# DATA TO EXAMINE

(* Let $\mathcal{F}$ be a finite family of pairwise intersecting compact convex sets in the plane with the $(4,3)$ property, i.e., among any four distinct members some three have a common point. For $D\in\mathcal{F}$, let $G_D$ be the directed graph on vertex set $\mathcal{F}\setminus\{D\}$ with an arc from $A$ to $B$ if and only if $o(ABD)=1$. Then $G_D$ contains no directed cycle of length 4.
   Context: For three pairwise intersecting compact convex sets $X,Y,Z$ in the plane: $o(XYZ)=0$ if $X\cap Y\cap Z\neq\emptyset$; otherwise $o(XYZ)=o(xyz)$ for any $x\in Y\cap Z$, $y\in X\cap Z$, $z\in X\cap Y$, where for points $o(xyz)=+1$ for a counterclockwise and $-1$ for a clockwise triangle (independent of the choice). *)

From HB Require Import structures.
From mathcomp Require Import all_boot all_order all_algebra.
From mathcomp Require Import all_classical all_reals topology normedtype.
From mathcomp Require Import Rstruct Rstruct_topology.
From Stdlib Require Import Reals.
Set Implicit Arguments. Unset Strict Implicit. Unset Printing Implicit Defensive.
Import Order.TTheory GRing.Theory Num.Theory.
Local Open Scope classical_set_scope.
Local Open Scope ring_scope.

Definition pt := (Rdefinitions.R * Rdefinitions.R)%type.

Definition convex_set (A : set pt) : Prop :=
  forall x y : pt, A x -> A y -> forall t : Rdefinitions.R, 0 <= t -> t <= 1 ->
    A (t * x.1 + (1 - t) * y.1, t * x.2 + (1 - t) * y.2).

(* Signed area (twice) of the triangle xyz; > 0 iff counterclockwise. *)
Definition orient_det (x y z : pt) : Rdefinitions.R :=
  (y.1 - x.1) * (z.2 - x.2) - (y.2 - x.2) * (z.1 - x.1).

Definition ccw (x y z : pt) : Prop := 0 < orient_det x y z.

(* o(XYZ) = +1 : X,Y,Z have no common point and for points
   x in Y∩Z, y in X∩Z, z in X∩Y the triangle xyz is counterclockwise
   (the paper notes this is independent of the choice of x,y,z). *)
Definition o_pos (X Y Z : set pt) : Prop :=
  X `&` Y `&` Z = set0 /\
  exists x y z : pt, (Y `&` Z) x /\ (X `&` Z) y /\ (X `&` Y) z /\ ccw x y z.

From mathcomp Require Import all_boot all_order all_algebra.
From mathcomp Require Import all_classical all_reals topology normedtype.
From mathcomp Require Import Rstruct Rstruct_topology.
From mathcomp Require Import ring lra.
Import Order.TTheory GRing.Theory Num.Theory.
Local Open Scope classical_set_scope.
Local Open Scope ring_scope.

(* Collinear witnesses of three convex sets force a common point (one of them
   lies between the other two).  Hence, when X, Y, Z have no common point, the
   sign of [orient_det] cannot change while a witness moves along a segment, and
   o(XYZ) does not depend on the witnesses.  This makes o transitive: if
   o(ABD) = o(BCD) = +1 and q is common to A, B, C, then q is not in D, and for
   witnesses x in C, b in B, y in A, all in D, the triangles q x b and q b y are
   counterclockwise, so q x y is too (otherwise q lies in the triangle x b y,
   inside D).  So o(ACD) = +1 unless A, C, D meet; and if A, C, D meet then
   A, B, C do not.  For a 4-cycle A -> B -> C -> E -> A of G_D, (4,3) on
   {A, B, C, D} and on {C, E, A, D} with transitivity forces A, C, D to meet,
   since otherwise o(ACD) = o(CAD) = +1; likewise B, E, D meet.  Then no three
   of A, B, C, E meet, contradicting (4,3). *)

Local Notation R := Rdefinitions.R.

Definition convex_comb (t : R) (x y : pt) : pt :=
  (t * x.1 + (1 - t) * y.1, t * x.2 + (1 - t) * y.2).

Lemma convex_set_comb (A : set pt) (x y : pt) (t : R) :
  convex_set A -> A x -> A y -> 0 <= t <= 1 -> A (convex_comb t x y).
Proof. by move=> cA Ax Ay /andP[t0 t1]; exact: cA. Qed.

Lemma orient_detE (x y z : pt) : orient_det x y z =
  (y.1 - x.1) * (z.2 - x.2) - (y.2 - x.2) * (z.1 - x.1).
Proof. by rewrite /orient_det !RminusE !RmultE. Qed.

Lemma orient_det_rot (x y z : pt) : orient_det x y z = orient_det y z x.
Proof. rewrite !orient_detE; ring. Qed.

Lemma orient_detC (x y z : pt) : orient_det y x z = - orient_det x y z.
Proof. rewrite !orient_detE; ring. Qed.

Lemma orient_det_convex_comb (t : R) (x0 x1 y z : pt) :
  orient_det (convex_comb t x1 x0) y z =
  t * orient_det x1 y z + (1 - t) * orient_det x0 y z.
Proof. rewrite !orient_detE /=; ring. Qed.

Lemma ccw_rot (x y z : pt) : ccw x y z = ccw y z x.
Proof. by rewrite /ccw orient_det_rot. Qed.

Lemma ccw_asym (x y z : pt) : ccw x y z -> ~ ccw y x z.
Proof. by rewrite /ccw orient_detC; lra. Qed.

Lemma collinear_between (x y z : pt) : orient_det x y z = 0 ->
  exists2 t, 0 <= t <= 1 &
    [\/ x = convex_comb t y z, y = convex_comb t z x | z = convex_comb t x y].
Proof.
case: x y z => [x1 x2] [y1 y2] [z1 z2].
rewrite orient_detE /convex_comb /= => det0.
pose n := (z1 - y1) ^+ 2 + (z2 - y2) ^+ 2.
have [n0|nn0] := eqVneq n 0.
  move/eqP: n0; rewrite paddr_eq0 ?sqr_ge0 // !sqrf_eq0 !subr_eq0.
  case/andP=> /eqP-> /eqP->.
  by exists 0; rewrite ?lexx ?ler01 //; constructor 3; congr pair; ring.
(* [lam] locates the projection of [x] on the line [y z]: [x] lies between [y]
   and [z] iff [0 <= lam <= 1], and otherwise [y] or [z] lies between the others. *)
pose lam := ((x1 - y1) * (z1 - y1) + (x2 - y2) * (z2 - y2)) / n.
have ex1 : x1 = y1 + lam * (z1 - y1).
  have : x1 - (y1 + lam * (z1 - y1)) =
    - (z2 - y2) * ((y1 - x1) * (z2 - x2) - (y2 - x2) * (z1 - x1)) / n.
    by rewrite /lam /n; field.
  by rewrite det0 mulr0 mul0r => /eqP; rewrite subr_eq0 => /eqP.
have ex2 : x2 = y2 + lam * (z2 - y2).
  have : x2 - (y2 + lam * (z2 - y2)) =
    (z1 - y1) * ((y1 - x1) * (z2 - x2) - (y2 - x2) * (z1 - x1)) / n.
    by rewrite /lam /n; field.
  by rewrite det0 mulr0 mul0r => /eqP; rewrite subr_eq0 => /eqP.
have [lam_lt0|lam_ge0] := ltrP lam 0.
  exists (- lam / (1 - lam)); first by rewrite divr_ge0 ?ler_pdivrMr /=; lra.
  by constructor 2; rewrite ex1 ex2; congr pair; field; lra.
have [lam_le1|lam_gt1] := lerP lam 1.
  exists (1 - lam); first by apply/andP; lra.
  by constructor 1; rewrite ex1 ex2; congr pair; ring.
exists (1 / lam); first by rewrite divr_ge0 ?ler_pdivrMr /=; lra.
by constructor 3; rewrite ex1 ex2; congr pair; field; lra.
Qed.

Definition witnesses (X Y Z : set pt) (x y z : pt) : Prop :=
  [/\ (Y `&` Z) x, (X `&` Z) y & (X `&` Y) z].

Lemma witnesses_rot {X Y Z : set pt} {x y z : pt} :
  witnesses X Y Z x y z -> witnesses Y Z X y z x.
Proof. by case=> -[Yx Zx] [Xy Zy] [Xz Yz]; split. Qed.

Lemma setI3_rot (T : Type) (X Y Z : set T) : Y `&` Z `&` X = X `&` Y `&` Z.
Proof. by rewrite setIC setIA. Qed.

Section Witnesses.
Context {X Y Z : set pt}.
Hypotheses (cX : convex_set X) (cY : convex_set Y) (cZ : convex_set Z).

Lemma collinear_witnesses_meet {x y z : pt} : witnesses X Y Z x y z ->
  orient_det x y z = 0 -> X `&` Y `&` Z !=set0.
Proof.
case=> -[Yx Zx] [Xy Zy] [Xz Yz] /collinear_between[t t01 [ex|ey|ez]].
- by exists x; do 2?split=> //; rewrite ex; exact: convex_set_comb.
- by exists y; do 2?split=> //; rewrite ey; exact: convex_set_comb.
- by exists z; do 2?split=> //; rewrite ez; exact: convex_set_comb.
Qed.

Hypothesis XYZ0 : X `&` Y `&` Z = set0.

Lemma ccw_witnesses_move {x0 x1 y z : pt} : (Y `&` Z) x0 ->
  witnesses X Y Z x1 y z -> ccw x0 y z -> ccw x1 y z.
Proof.
move=> [Yx0 Zx0] [[Yx1 Zx1] yXZ zXY]; rewrite /ccw => f0_gt0.
rewrite ltNge; apply/negP => f1_le0.
set f0 := orient_det x0 y z in f0_gt0; set f1 := orient_det x1 y z in f1_le0.
(* [orient_det . y z] is affine along [x0, x1], with its zero at [t]. *)
pose t := f0 / (f0 - f1).
have t01 : 0 <= t <= 1 by rewrite divr_ge0 ?ler_pdivrMr /=; lra.
have wt : witnesses X Y Z (convex_comb t x1 x0) y z.
  by split=> //; split; exact: convex_set_comb.
have ft0 : orient_det (convex_comb t x1 x0) y z = 0.
  by rewrite orient_det_convex_comb -/f0 -/f1 /t; field; lra.
by have [w] := collinear_witnesses_meet wt ft0; rewrite XYZ0.
Qed.

End Witnesses.

Lemma ccw_witnesses_indep (X Y Z : set pt) (x0 y0 z0 x y z : pt) :
  convex_set X -> convex_set Y -> convex_set Z -> X `&` Y `&` Z = set0 ->
  witnesses X Y Z x0 y0 z0 -> witnesses X Y Z x y z ->
  ccw x0 y0 z0 -> ccw x y z.
Proof.
move=> cX cY cZ XYZ0 [x0YZ y0XZ z0XY] w h0; have [xYZ yXZ zXY] := w.
have YZX0 : Y `&` Z `&` X = set0 by rewrite setI3_rot.
have ZXY0 : Z `&` X `&` Y = set0 by rewrite 2!setI3_rot.
have y0ZX : (Z `&` X) y0 by rewrite setIC.
have h1 : ccw x y0 z0 :=
  ccw_witnesses_move cX cY cZ XYZ0 x0YZ (And3 xYZ y0XZ z0XY) h0.
rewrite ccw_rot in h1.
have h2 : ccw y z0 x :=
  ccw_witnesses_move cY cZ cX YZX0 y0ZX (witnesses_rot (And3 xYZ yXZ z0XY)) h1.
rewrite ccw_rot in h2.
have h3 : ccw z x y :=
  ccw_witnesses_move cZ cX cY ZXY0 z0XY (witnesses_rot (witnesses_rot w)) h2.
by rewrite 2!ccw_rot.
Qed.

Section OrientationOfTriples.
Context {X Y Z : set pt}.
Hypotheses (cX : convex_set X) (cY : convex_set Y) (cZ : convex_set Z).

# ACTIVITY
Take the records above and return, word for word, only the lines that fall from the line with "Definition orient_det (x" to the line with "(the paper notes", both of them included.

# EXERCISE RESULT
Definition orient_det (x y z : pt) : Rdefinitions.R :=
  (y.1 - x.1) * (z.2 - x.2) - (y.2 - x.2) * (z.1 - x.1).

Definition ccw (x y z : pt) : Prop := 0 < orient_det x y z.

(* o(XYZ) = +1 : X,Y,Z have no common point and for points
   x in Y∩Z, y in X∩Z, z in X∩Y the triangle xyz is counterclockwise
   (the paper notes this is independent of the choice of x,y,z). *)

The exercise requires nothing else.